Pada 9 September 2024, INDEF menggelar diskusi publik yang membahas penurunan kelas menengah di Indonesia. Tercatat selama 5 tahun terakhir, masyarakat kelas menengah mengalami penurunan sebesar 9,48 juta orang atau turun sebanyak 16,5%. Acara ini menghadirkan sejumlah pembicara, diantaranya: Prof. Bustanul Arifin (Ekonom Senior INDEF), Eko Listiyanto (Direktur Pengembangan Big Data INDEF), dan Yorga Permana (Dosen SBM ITB) yang dipandu oleh moderator Muthia Salsabila (Asisten Peneliti INDEF).
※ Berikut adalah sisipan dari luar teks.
(* Expand vectors of F_{q^m}^n over a basis of F_{q^m}/F_q to
   m x n matrices over F_q.  A nonzero linearized polynomial of q-degree < k
   has at most q^(k-1) roots, and the F_q-span of the alpha_j has q^n
   elements, so a nonzero codeword has rank at least n - k + 1 = d.
   If rank(c - r) <= t < d, enlarge the row space of c - r to a
   t-dimensional subspace U_c of F_q^n.  For distinct codewords,
   d <= rank(c - c') <= dim (U_c + U_c'), so U_c and U_c' meet in dimension
   at most 2t - d; hence the sets of row-free (2t+1-d) x n matrices with rows
   in U_c are pairwise disjoint, and counting them bounds the number of such
   codewords by [n, 2t+1-d]_q / [t, 2t+1-d]_q.  Summing over the shells
   t = max(rank(c - r), e+1) gives the first bound; the estimates
   q^(s(t-s)) <= [t, s]_q <= 4 q^(s(t-s)) give the other two. *)

From HB Require Import structures.
From mathcomp Require Import all_boot all_order all_algebra all_field all_solvable.
From mathcomp Require Import zify ring lra.
Set Implicit Arguments. Unset Strict Implicit. Unset Printing Implicit Defensive.
Import Order.TTheory GRing.Theory Num.Theory.
Local Open Scope ring_scope.

Section RowSpaceCounting.
Variable F : finFieldType.
Local Notation q := #|F|.

Lemma card_submx m n (V : 'M[F]_(m, n)) :
  #|[set v : 'rV[F]_n | (v <= V)%MS]| = (q ^ \rank V)%N.
Proof.
have [B BK] := row_freeP (row_base_free V).
have -> : [set v : 'rV[F]_n | (v <= V)%MS] = [set w *m row_base V | w in 'rV_(\rank V)].
  apply/setP => v; rewrite inE -(eq_row_base V); apply/submxP/imsetP => [[w ->]|[w _ ->]];
    by exists w.
rewrite card_imset ?card_mx ?mul1n //.
by apply: (can_inj (g := mulmx^~ B)) => w; rewrite -mulmxA BK mulmx1.
Qed.

Lemma row_free_col_mx m n (v : 'rV[F]_n) (U : 'M[F]_(m, n)) :
  row_free (col_mx v U) = row_free U && ~~ (v <= U)%MS.
Proof.
rewrite /row_free -addsmxE.
have [le_U_vU] := mxrank_leqif_sup (addsmxSr v U).
rewrite addsmx_sub submx_refl andbT => eq_U_vU.
have le_vU_U : (\rank (v + U) <= 1 + \rank U)%N.
  by apply: leq_trans (mxrank_adds_leqif v U) _; rewrite leq_add2r rank_leq_row.
have := rank_leq_row U; case: (v <= U)%MS eq_U_vU => /eqP; lia.
Qed.

Lemma card_row_free m n : (m <= n)%N ->
  #|[set A : 'M[F]_(m, n) | row_free A]| = (\prod_(i < m) (q ^ n - q ^ i))%N.
Proof.
elim: m => [_ | m IHm lt_mn].
  rewrite big_ord0 (@eq_card1 _ (0 : 'M[F]_(0, n))) // => A.
  by rewrite !inE flatmx0 eqxx /row_free mxrank0.
rewrite big_ord_recr -IHm; last exact: ltnW.
rewrite -[LHS]sum1_card.
rewrite (reindex (fun p : 'M[F]_(m, n) * 'rV[F]_n => col_mx p.2 p.1)); last first.
  exists (fun A : 'M_(1 + m, n) => (dsubmx A, usubmx A)) => [[U v] _ | A _].
    by rewrite col_mxKd col_mxKu.
  exact: vsubmxK.
under eq_bigl => p do rewrite inE row_free_col_mx.
rewrite -(pair_big_dep (fun U : 'M[F]_(m, n) => row_free U)
  (fun U v => ~~ (v <= U)%MS) (fun _ _ => 1%N)).
rewrite -[RHS]/(#|[set U : 'M[F]_(m, n) | row_free U]| * (q ^ n - q ^ m))%N.
rewrite -sum_nat_const.
apply: eq_big => [U | U rfU]; first by rewrite inE.
rewrite sum1dep_card.
have -> : [set v : 'rV[F]_n | ~~ (v <= U)%MS] = ~: [set v | (v <= U)%MS].
  by apply/setP => v; rewrite !inE.
by rewrite cardsCs setCK card_submx card_mx mul1n (eqP rfU).
Qed.

Lemma card_row_free_submx s m n (U : 'M[F]_(m, n)) :
  #|[set A : 'M[F]_(s, n) | row_free A && (A <= U)%MS]|
  = #|[set B : 'M[F]_(s, \rank U) | row_free B]|.
Proof.
have [C CK] := row_freeP (row_base_free U).
have -> : [set A : 'M[F]_(s, n) | row_free A && (A <= U)%MS]
    = [set B *m row_base U | B in [set B : 'M_(s, \rank U) | row_free B]].
  apply/setP => A; rewrite inE -(eq_row_base U); apply/andP/imsetP.
    by case=> rfA /submxP [B defA]; exists B; rewrite // inE defA in rfA *;
      rewrite /row_free mxrankMfree ?row_base_free in rfA.
  case=> B; rewrite inE => rfB ->.
  by rewrite submxMl /row_free mxrankMfree ?row_base_free.
rewrite card_imset //.
by apply: (can_inj (g := mulmx^~ C)) => B; rewrite -mulmxA CK mulmx1.
Qed.

Lemma exists_submx_rank m n (R : 'M[F]_(m, n)) t : (\rank R <= t <= n)%N ->
  exists V : 'M[F]_n, (R <= V)%MS /\ \rank V = t.
Proof.
elim: t => [|t IHt] /andP [le_R_t le_t_n].
  by exists <<R>>%MS; rewrite genmxE mxrank_gen; split=> //; lia.
have [eq_R_t | lt_R_t] := eqVneq (\rank R) t.+1.
  by exists <<R>>%MS; rewrite genmxE mxrank_gen.
have [V [RV rkV]] : exists V : 'M[F]_n, (R <= V)%MS /\ \rank V = t.
  by apply: IHt; apply/andP; split; lia.
have : (0 < \rank V^C)%N by rewrite mxrank_compl rkV subn_gt0.
rewrite lt0n mxrank_eq0 => /rowV0Pn [v vVC nz_v].
exists (V + v)%MS; split; first exact: submx_trans RV (addsmxSl V v).
have cap0 : \rank (V :&: v)%MS = 0%N.
  apply/eqP; rewrite mxrank_eq0 -submx0 -(capmx_compl V).
  exact: capmxS.
by have := mxrank_sum_cap V v; rewrite cap0 rkV rank_rV nz_v; lia.
Qed.

Lemma card_bigcup_seq_disjoint (I : eqType) (T : finType) (l : seq I)
    (X : I -> {set T}) :
  uniq l -> {in l &, forall i j, i != j -> [disjoint X i & X j]} ->
  #|\bigcup_(i <- l) X i| = (\sum_(i <- l) #|X i|)%N.
Proof.
elim: l => [|i l IHl]; first by rewrite !big_nil cards0.
rewrite cons_uniq => /andP [il ul] dis.
rewrite !big_cons cardsU -IHl //; last first.
  by move=> a b al bl; apply: dis; rewrite inE ?al ?bl orbT.
suff -> : X i :&: \bigcup_(j <- l) X j = set0 by rewrite cards0 subn0.
apply/eqP; rewrite big_seq.
apply: (big_ind (fun S => X i :&: S == set0)) => [|A B|j jl].
- by rewrite setI0.
- by rewrite setIUr setU_eq0 => -> ->.
- rewrite setI_eq0 dis ?mem_head ?inE ?jl ?orbT //.
  by apply: contraNneq il => ->.
Qed.

Lemma subspace_packing n (I : eqType) (l : seq I) (U : I -> 'M[F]_n) s t :
  uniq l -> (s <= t <= n)%N -> {in l, forall i, \rank (U i) = t} ->
  {in l &, forall i j, i != j -> \rank (U i :&: U j)%MS < s}%N ->
  (size l * \prod_(i < s) (q ^ t - q ^ i) <= \prod_(i < s) (q ^ n - q ^ i))%N.
Proof.
move=> ul /andP [le_s_t le_t_n] rkU capU.
pose X i := [set A : 'M[F]_(s, n) | row_free A && (A <= U i)%MS].
have cardX : {in l, forall i, #|X i| = \prod_(j < s) (q ^ t - q ^ j)}%N.
  by move=> i il; rewrite card_row_free_submx card_row_free rkU.
have disX : {in l &, forall i j, i != j -> [disjoint X i & X j]}.
  move=> i j il jl neq_ij; rewrite -setI_eq0; apply/eqP/setP => A.
  rewrite !inE; apply/negbTE/negP => /andP [/andP [rfA AUi] /andP [_ AUj]].
  have := capU i j il jl neq_ij; rewrite -(eqP rfA) ltnNge.
  by rewrite mxrankS // sub_capmx AUi AUj.
have sub : \bigcup_(i <- l) X i \subset [set A : 'M[F]_(s, n) | row_free A].
  rewrite big_seq.
  apply: (big_ind (fun S : {set 'M[F]_(s, n)} => S \subset [set A | row_free A]))
    => [|A B sA sB|i _].
  - exact: sub0set.
  - by rewrite subUset sA.
  - by apply/subsetP => A; rewrite !inE => /andP [].
rewrite -(@card_row_free s n) ?(leq_trans le_s_t) //.
apply: leq_trans (subset_leq_card sub).
rewrite card_bigcup_seq_disjoint // (eq_big_seq _ cardX).
by rewrite -sum1_size big_distrl /= mul1n.
Qed.

End RowSpaceCounting.

Section LinearizedPolynomials.
Variables (K : finFieldType) (L : fieldExtType K).
Local Notation q := #|K|.

Lemma expf_cardX (a : K) i : a ^+ (q ^ i) = a.
Proof. by elim: i => [|i IHi]; rewrite ?expr1 // expnS exprM expf_card. Qed.

Lemma pchar_cardX_nat i : [pchar L].-nat (q ^ i)%N.
Proof.
have [p p_pr pcharKp] := finPcharP K.
have : p.-nat q.
  by have := abelem_pgroup (fin_ring_pchar_abelem pcharKp); rewrite /pgroup cardsT.
rewrite pnatX => /sub_in_pnat-> // r _; rewrite inE => /eqP ->.
by rewrite (pchar_lalg L p).
Qed.

Lemma exprZD_cardX (a : K) (x y : L) i :
  (a *: x + y) ^+ (q ^ i) = a *: x ^+ (q ^ i) + y ^+ (q ^ i).
Proof. by rewrite exprDn_pchar ?pchar_cardX_nat // exprZn expf_cardX. Qed.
Diskusi ini membahas penyebab dan dampak penurunan kelas menengah serta implikasinya bagi perekonomian Indonesia.
Prof. Bustanul Arifin  menekankan bahwa penurunan kelas menengah berdampak negatif pada ekonomi Indonesia, karena kelas ini berperan penting dalam pertumbuhan ekonomi, tata kelola, dan reformasi kebijakan. Penurunan ini berkaitan dengan transformasi struktural dari sektor pertanian ke manufaktur, yang kontribusinya terhadap PDB terus menurun sejak 1995. Pentingnya penguatan industrialisasi, reformasi tata kelola kebijakan, dan digitalisasi diperlukan untuk mendukung kelas menengah.
Yorga Permana dari SBM ITB menyoroti bahwa kerja layak menjadi kunci untuk mencegah penurunan kelas menengah. Sayangnya, kontribusi sektor informal menjadi yang dominan saat ini, hal ini diperburuk oleh gig economy sejak 2014. Deindustrialisasi menyebabkan perpindahan pekerja ke sektor jasa berkeahlian rendah, sehingga diperlukan dorongan pada sektor jasa berkeahlian tinggi dan kebijakan berbasis klaster untuk meningkatkan lapangan kerja.
Eko Listiyanto mengungkapkan bahwa masyarakat semakin pesimis terhadap kondisi ekonomi, terlihat dari perlambatan konsumsi, penurunan PMI manufaktur, dan deflasi. Indeks ekspektasi konsumen juga turun terkait penghasilan, lapangan kerja, dan kegiatan usaha. Eko menyarankan pemerintah untuk menunda kenaikan harga barang, meningkatkan batas Penghasilan Tidak Kena Pajak (PTKP), melindungi industri padat karya, dan mengakhiri tren suku bunga tinggi guna mendorong sektor riil dan UMKM.